Life offers you a thousand chances ... all you have to do is take one.

Rating: 5/10

Running Time: 113 minutes

UK Certificate: 12A

In certain circles, the mere mention of Diane Lane’s name can provoke a reverential silence. Like Julianne Moore, like Patricia Clarkson, Lane is a real talent rather than a hyped star, able to bring warmth and credibility to any character she plays. It is, however, her curse that the quality of the films in which she appears (and there are around forty of them) rarely matches the quality of her acting, so that she has never achieved the broad recognition that she deserves. Her recent portrayal of middle-aged adultery in Unfaithful (2002), for which she was beaten to the best actress Academy Award by a mere nose (or, to be more precise, by the prosthetic nose of Nicole The Hours Kidman), is typical of this phenomenon – a memorably intense performance in a thoroughly forgettable film.

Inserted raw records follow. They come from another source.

Lemma lower_bound_ceil_log2 (n j : nat) D : (1 <= j <= n)%N -> 0 <= D ->
  halving_bound (log2 (n%:R : R) - 1) D ->
  (log2 (n%:R : R) - 1 - (Num.ceil (log2 (j%:R : R)))%:~R)
     * Num.sqrt (j%:R) / Num.sqrt ((n - j + 1)%:R) * Num.sqrt (n%:R) <= D.
Proof.
move=> /andP [j_ge1 j_le_n] D_ge0 hb.
set L := log2 n%:R - 1.
have j_gt0 : (0 : R) < j%:R by rewrite ltr0n.
have [m ceil_m] : exists m : nat, Num.ceil (log2 (j%:R : R)) = m.
  exists `|Num.ceil (log2 (j%:R : R))|%N; rewrite gez0_abs // ceil_ge0.
  apply: lt_le_trans (ltrN10 R) _.
  by rewrite divr_ge0 ?ln_ge0 ?ler1n ?ltW ?ln2_gt0.
have j_le : (j%:R : R) <= 2 ^+ m.
  by rewrite -ler_log2 ?exprn_gt0 // log2X -[m%:R]/((m : int)%:~R) -ceil_m ceil_ge.
rewrite ceil_m -[(m : int)%:~R]/(m%:R : R) -!mulrA.
set S := Num.sqrt _ * _.
have S_ge0 : 0 <= S by rewrite !mulr_ge0 ?invr_ge0 ?sqrtr_ge0.
have [Lm_le0 | Lm_gt0] := leP (L - m%:R) 0.
  exact: le_trans (mulr_le0_ge0 Lm_le0 S_ge0) D_ge0.
have n_gt : (2 * j%:R : R) < n%:R.
  have : log2 (2 ^+ m.+1 : R) < log2 n%:R.
    by move: Lm_gt0; rewrite log2X -addn1 natrD /L; lra.
  rewrite ltr_log2 ?exprn_gt0 ?ltr0n ?(leq_trans j_ge1 j_le_n) // exprS.
  by apply: le_lt_trans; rewrite ler_pM2l.
have n_j : ((n - j + 1)%:R : R) = n%:R - j%:R + 1 by rewrite natrD natrB.
have LmS_ge0 : 0 <= (L - m%:R) * S by rewrite mulr_ge0 // ltW.
rewrite -(ler_pXn2r (n := 2)) ?nnegrE //.
apply: le_trans (halving_bound_sq (m := m) hb _); last by rewrite -subr_ge0 ltW.
rewrite exprMn ler_pM2l ?exprn_gt0 //.
rewrite /S !exprMn exprVn !sqr_sqrtr ?ler0n // n_j mulrCA mulrC.
rewrite ler_pdivrMr ?exprS; last by lra.
have h1 : 0 <= (2 ^+ m - j%:R) * n%:R :> R by rewrite mulr_ge0 ?subr_ge0.
have h2 : 0 <= 2 ^+ m * (n%:R - 2 * j%:R + 2) :> R.
  by rewrite mulr_ge0 ?exprn_ge0 //; lra.
nra.
Qed.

In ‘Under the Tuscan Sun’, based on the autobiographical book by Frances Mayes, Lane again plays a middle-class, middle-aged woman in a troubled marriage, only this time it is the husband who has strayed. Offered a holiday in Tuscany as a consolatory gift from her best friend Patti (Sandra Oh), recent divorcee Frances (Lane) buys an old villa there on a whim. In the months that follow, as the dilapidated building undergoes refurbishment, Frances also gradually rebuilds her damaged life from the foundations up, forging new relationships with her Italian neighbours, her Polish contract workers, a free-spirited English émigrée called Katherine (Lindsay Duncan), the lesbian Patti and her newborn child, and (of course) various love interests.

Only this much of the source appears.